MOUNTAIN FRONT RECHARGE IN A SEMI-ARID CLIMATE; SOUTHWEST MONTANA


SHAMA, Charles P., Geological Engineering, Montana Tech of the University of Montana, 1300 West Park St, Butte, MT 59701 and SHAW, Glenn D., Geological Engineering, Montana Tech of the University of Montana, 1300 West Park Street, Butte, MT 59701, cshama@mtech.edu

Groundwater recharge to regional valley benches originates largely from adjacent Mountain Front Recharge (MFR). The Madison Valley in Southwest Montana is a semi-arid mediterranean climate that receives 12.5in annual valley precipitation. In this study, we compare two drainages looking at focused underflow at the mountain-valley transition. We are i) calculating the amount of groundwater recharge that is occurring from the losing section of the two streams, and ii) targeting focused underflow below two different streams exiting a mountain canyon into a larger valley. This study will characterize groundwater surface-water interactions along Daylight Creek (DC) and along North Meadow Creek (NMC).
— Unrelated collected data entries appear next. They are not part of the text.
(* Let $G=K_{r_1,\dots,r_k}$ with $|V(G)|$ odd and partition sets $X_1,\dots,X_k$, and let $H$ be a good bisection of $G$ with partition sets $V_1,V_2$ such that $|V_1|=|V_2|+1$. Let $\mathcal X_0'$ be the set of those $X_i$ that cross $H$, have $|X_i|$ even, and satisfy $\big||X_i\cap V_1|-|X_i\cap V_2|\big|=2$; let $\mathcal X_1$ be the set of those $X_i$ that cross $H$ and have $|X_i|$ odd. Let $W_1=\bigcup_{X_i\in\mathcal X_1}X_i$, $W_0=\bigcup_{X_i\in\mathcal X_0'}X_i$, $t=|\mathcal X_1|$, $t'=|\mathcal X_0'|$. Then (i) $|W_1\cap V_1|-|W_1\cap V_2|=t$; (ii) $|W_0\cap V_1|-|W_0\cap V_2|=2t'$; (iii) $|\overline{W_1\cup W_0}\cap V_1|-|\overline{W_1\cup W_0}\cap V_2|=-(t+2t'-1)$.
   Context: A bisection of a graph $G$ is a bipartite spanning subgraph $H$ of $G$ with partition sets $V_1,V_2$ (every edge of $H$ joins $V_1$ and $V_2$) with $||V_1|-|V_2||\le 1$. It is good if $2d_H(v)\ge d_G(v)-1$ for every $v\in V(G)$. For $W\subseteq V(G)$, $\overline{W}=V(G)\setminus W$. A partition set $X_i$ crosses $H$ if $X_i\cap V_1\neq\emptyset$ and $X_i\cap V_2\ne\emptyset$. *)

From HB Require Import structures.
From mathcomp Require Import all_boot all_order all_algebra.
Set Implicit Arguments. Unset Strict Implicit. Unset Printing Implicit Defensive.
Import Order.TTheory GRing.Theory Num.Theory.

Section Defs.
Variable T : finType.

(* Complete multipartite graph K_{r_1,...,r_k} on vertex set T, given by the
   part map p : T -> 'I_k; partition set X_i = part p i. *)
Definition part (k : nat) (p : T -> 'I_k) (i : 'I_k) : {set T} := [set v | p v == i].
Definition mp_adj (k : nat) (p : T -> 'I_k) : rel T := fun u v => p u != p v.

Definition degree (e : rel T) (v : T) : nat := #|[set u | e v u]|.

Definition is_bisection (G H : rel T) (V1 V2 : {set T}) : Prop :=
  [/\ (forall u v, H u v -> G u v),
      (forall u v, H u v = H v u),
      (forall u v, H u v ->
          (u \in V1 /\ v \in V2) \/ (u \in V2 /\ v \in V1)),
      V1 :&: V2 = set0 /\ V1 :|: V2 = setT &
      (Num.norm (#|V1|%:Z - #|V2|%:Z) <= 1)%R].

Definition good_bisection (G H : rel T) (V1 V2 : {set T}) : Prop :=
  is_bisection G H V1 V2 /\
  forall v, ((degree G v)%:Z - 1 <= 2 * (degree H v)%:Z)%R.

Definition crosses (X V1 V2 : {set T}) : bool :=
  (X :&: V1 != set0) && (X :&: V2 != set0).
End Defs.

From HB Require Import structures.
From mathcomp Require Import all_boot all_order all_algebra.
From mathcomp Require Import zify.
Import Order.TTheory GRing.Theory Num.Theory.
Set Implicit Arguments. Unset Strict Implicit. Unset Printing Implicit Defensive.

(* In K_{r_1,...,r_k} a vertex v of the part X has degree |V(G)| - |X|, while
   in a bisection its H-degree is at most the number of vertices on the other
   side outside X. Goodness at a vertex of X on each side then forces
   |X ∩ V2| <= |X ∩ V1| <= |X ∩ V2| + 2 for every crossing part X when
   |V1| = |V2| + 1. Parity pins the odd crossing parts to a surplus of 1, the
   parts of X0' have surplus 2 by definition, and (iii) is what is left of the
   global surplus |V1| - |V2| = 1. *)

Section MultipartiteParts.
Variables (T : finType) (k : nat) (p : T -> 'I_k).

Lemma mem_bigcup_part (S : {set 'I_k}) x :
  (x \in \bigcup_(i in S) part p i) = (p x \in S).
Proof.
apply/bigcupP/idP => [[i iS]|pxS]; first by rewrite inE => /eqP ->.
by exists (p x) => //; rewrite inE.
Qed.

Lemma card_bigcup_partI (S : {set 'I_k}) (A : {set T}) :
  #|(\bigcup_(i in S) part p i) :&: A| = \sum_(i in S) #|part p i :&: A|.
Proof.
rewrite -sum1_card (partition_big p (mem S)) /=; last first.
  by move=> x; rewrite inE mem_bigcup_part => /andP[].
apply: eq_bigr => j jS; rewrite -sum1_card; apply: eq_bigl => x.
rewrite !inE mem_bigcup_part.
by case: (p x =P j) => [->|]; rewrite ?jS ?andbT ?andbF.
Qed.

Lemma card_bigcup_part_surplus (S : {set 'I_k}) (A B : {set T}) c :
  {in S, forall i, #|part p i :&: A| = #|part p i :&: B| + c}%N ->
  #|(\bigcup_(i in S) part p i) :&: A|
    = (#|(\bigcup_(i in S) part p i) :&: B| + #|S| * c)%N.
Proof.
move=> surplus; rewrite !card_bigcup_partI -sum_nat_const -big_split /=.
exact: eq_bigr.
Qed.

Lemma degree_mp_adj v : degree (mp_adj p) v = (#|T| - #|part p (p v)|)%N.
Proof.
rewrite /degree (_ : [set u | _] = ~: part p (p v)); last first.
  by apply/setP => u; rewrite !inE /mp_adj eq_sym.
by rewrite cardsCs setCK.
Qed.

End MultipartiteParts.

Section Bisections.
Variables (T : finType) (G H : rel T).

Lemma is_bisection_sym (V1 V2 : {set T}) :
  is_bisection G H V1 V2 -> is_bisection G H V2 V1.
Proof.
case=> sub sym side [dis cov] bal; split=> //.
- by move=> u v /side; tauto.
- by rewrite setIC setUC.
- by rewrite -normrN opprB.
Qed.

Lemma good_bisection_sym (V1 V2 : {set T}) :
  good_bisection G H V1 V2 -> good_bisection G H V2 V1.
Proof. by case=> /is_bisection_sym. Qed.

Variables (V1 V2 : {set T}).
Hypothesis bisH : is_bisection G H V1 V2.

Lemma card_bisectionI (X : {set T}) : #|X| = (#|X :&: V1| + #|X :&: V2|)%N.
Proof.
case: bisH => _ _ _ [dis cov] _.
rewrite -cardsUI -setIUr cov setIT setIACA setIid dis setI0 cards0.
by rewrite addn0.
Qed.

Lemma degree_bisection_le v :
  v \in V1 -> (degree H v <= #|[set u in V2 | G v u]|)%N.
Proof.
case: bisH => sub _ side [dis _] _ vV1.
apply/subset_leq_card/subsetP => u; rewrite !inE => Hvu.
rewrite sub // andbT.
case: (side _ _ Hvu) => [[_ //]|[vV2 _]].
by have := in_set0 v; rewrite -dis inE vV1 vV2.
Qed.

End Bisections.

Section GoodBisectionsOfMultipartiteGraphs.
Variables (T : finType) (k : nat) (p : T -> 'I_k) (H : rel T).

Lemma good_part_balance (V1 V2 : {set T}) v :
  good_bisection (mp_adj p) H V1 V2 -> v \in V1 ->
  (#|part p (p v) :&: V2| + #|V1|
     <= #|part p (p v) :&: V1| + #|V2| + 1)%N.
Proof.
case=> bisH goodH vV1.
have sideV2 : [set u in V2 | mp_adj p v u] = V2 :\: part p (p v).
  by apply/setP => u; rewrite !inE /mp_adj eq_sym andbC.
have := degree_bisection_le bisH vV1; rewrite sideV2 cardsD (setIC V2).
have := goodH v; rewrite degree_mp_adj.
have cardT : #|T| = (#|V1| + #|V2|)%N.
  by rewrite -cardsT (card_bisectionI bisH) !setTI.
have cardX := card_bisectionI bisH (part p (p v)).
have le_XV2 : (#|part p (p v) :&: V2| <= #|V2|)%N.
  by rewrite subset_leq_card ?subsetIr.
have le_XT : (#|part p (p v)| <= #|T|)%N by apply: max_card.
lia.
Qed.

Lemma crossing_part_balance (V1 V2 : {set T}) i :
  good_bisection (mp_adj p) H V1 V2 -> #|V1| = (#|V2| + 1)%N ->
  crosses (part p i) V1 V2 ->
  (#|part p i :&: V2| <= #|part p i :&: V1| <= #|part p i :&: V2| + 2)%N.
Proof.
move=> goodH sizeV /andP[/set0Pn[v1 /setIP[v1i v1V1]] /set0Pn[v2 /setIP[v2i v2V2]]].
move: v1i v2i; rewrite !inE => /eqP pv1 /eqP pv2.
have := good_part_balance goodH v1V1.
have := good_part_balance (good_bisection_sym goodH) v2V2.
rewrite pv1 pv2; lia.
Qed.

Lemma odd_crossing_part_surplus (V1 V2 : {set T}) i :
  good_bisection (mp_adj p) H V1 V2 -> #|V1| = (#|V2| + 1)%N ->
  crosses (part p i) V1 V2 -> odd #|part p i| ->
  #|part p i :&: V1| = (#|part p i :&: V2| + 1)%N.
Proof.
move=> goodH sizeV cross.
have /andP[lo hi] := crossing_part_balance goodH sizeV cross.
rewrite (card_bisectionI goodH.1) oddD.
have [->|[->|->]] : #|part p i :&: V1| = #|part p i :&: V2|
    \/ #|part p i :&: V1| = (#|part p i :&: V2| + 1)%N
    \/ #|part p i :&: V1| = (#|part p i :&: V2| + 2)%N by lia.
- by rewrite addbb.
- by [].
- by rewrite addn2 !oddS negbK addbb.
Qed.

Lemma crossing_part_surplus2 (V1 V2 : {set T}) i :
  good_bisection (mp_adj p) H V1 V2 -> #|V1| = (#|V2| + 1)%N ->
  crosses (part p i) V1 V2 ->
  (`|#|part p i :&: V1|%:Z - #|part p i :&: V2|%:Z| == 2%:Z)%R ->
  #|part p i :&: V1| = (#|part p i :&: V2| + 2)%N.
Proof.
move=> goodH sizeV cross.
have /andP[lo _] := crossing_part_balance goodH sizeV cross.
rewrite ger0_norm ?subr_ge0 ?lez_nat // => /eqP; lia.
Qed.

End GoodBisectionsOfMultipartiteGraphs.

Lemma card_setCI (T : finType) (W A : {set T}) :
  #|~: W :&: A| = (#|A| - #|W :&: A|)%N.
Proof. by rewrite setIC -setDE cardsD setIC. Qed.

Local Open Scope ring_scope.

Theorem lemma3p2 (T : finType) (k : nat) (p : T -> 'I_k)
  (Hpart : forall i : 'I_k, (0 < #|part p i|)%N)
  (Hodd : odd #|T|)
  (H : rel T) (V1 V2 : {set T})
  (Hgood : good_bisection (mp_adj p) H V1 V2)
  (Hsize : #|V1| = (#|V2| + 1)%N) :
  let X0' := [set i : 'I_k | [&& crosses (part p i) V1 V2,
                 ~~ odd #|part p i| &
                 (Num.norm (#|part p i :&: V1|%:Z - #|part p i :&: V2|%:Z)%R == 2%:Z)]] in
  let X1 := [set i : 'I_k | crosses (part p i) V1 V2 && odd #|part p i|] in
  let W1 := \bigcup_(i in X1) part p i in
  let W0 := \bigcup_(i in X0') part p i in
  let t := #|X1| in
  let t' := #|X0'| in
  [/\ (#|W1 :&: V1|%:Z - #|W1 :&: V2|%:Z = t%:Z)%R,
      (#|W0 :&: V1|%:Z - #|W0 :&: V2|%:Z = 2 * t'%:Z)%R &
      (#|~: (W1 :|: W0) :&: V1|%:Z - #|~: (W1 :|: W0) :&: V2|%:Z
         = - (t%:Z + 2 * t'%:Z - 1))%R].
Proof.
move=> X0' X1 W1 W0 t t'.
have surplusW1 : #|W1 :&: V1| = (#|W1 :&: V2| + t * 1)%N.
  apply: (card_bigcup_part_surplus (S := X1)) => i; rewrite inE => /andP[cross oddX].
  exact: odd_crossing_part_surplus Hgood Hsize cross oddX.
have surplusW0 : #|W0 :&: V1| = (#|W0 :&: V2| + t' * 2)%N.
  apply: (card_bigcup_part_surplus (S := X0')) => i; rewrite inE => /and3P[cross _ norm2].
  exact: crossing_part_surplus2 Hgood Hsize cross norm2.
have disjW : W1 :&: W0 = set0.
  apply/setP => x; rewrite !inE !mem_bigcup_part !inE.
  by apply/negP => /andP[/andP[_ oddX] /and3P[_ evenX _]]; rewrite oddX in evenX.
have cardWI A : #|(W1 :|: W0) :&: A| = (#|W1 :&: A| + #|W0 :&: A|)%N.
  by rewrite setIUl -cardsUI setIACA disjW set0I cards0 addn0.
have leWI A : (#|(W1 :|: W0) :&: A| <= #|A|)%N by rewrite subset_leq_card ?subsetIr.
have := leWI V1; have := leWI V2.
rewrite !card_setCI !cardWI; clear -surplusW1 surplusW0 Hsize; split; lia.
Qed.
The focus is on creating a physical mass balance recharge estimate from the losing stream sections near the mountain-valley transition. DC that runs through Virginia City, MT is within a small highland pass watershed with peak elevations of 6,800ft and does not receive much precipitation. NMC is located west of McAllister. The watershed reaches elevations up to 10,000ft and receives snowfall averaging 19.4in SWE. To help answer valley recharge i) we will utilize a physical mass balance equation,

P = ET + R + G

Where P is precipitation; ET is evapotranspiration; R is surface runoff and G is groundwater. Methods used to answer focused underflow ii) is the installation of shallow wells (6-9ft) which are instrumented with pressure transducers and temperature loggers set vertically in wells. Staff gauges measure surface runoff and will help characterize vertical groundwater movement between the stream and shallow streambed sediments. From April through June, the smaller DC is showing a signal of a losing stream. The larger NMC has three unique zones. The upper mountainous zone is a gaining stream; middle zone is a transition from gaining to losing; and the lower zone is a losing stream. Temperature profiles indicate a downward vertical flow for DC and NMC transitions from an upward flow to a downward flow as the creek progresses onto the Madison Valley. Initial mass balance budgets for April and June indicate subsurface underflow is ten times the magnitude of surface flow on both streams. Hydrogen and oxygen isotope samples from stream water and groundwater show that a mix of precipitation and groundwater is occurring during the spring runoff.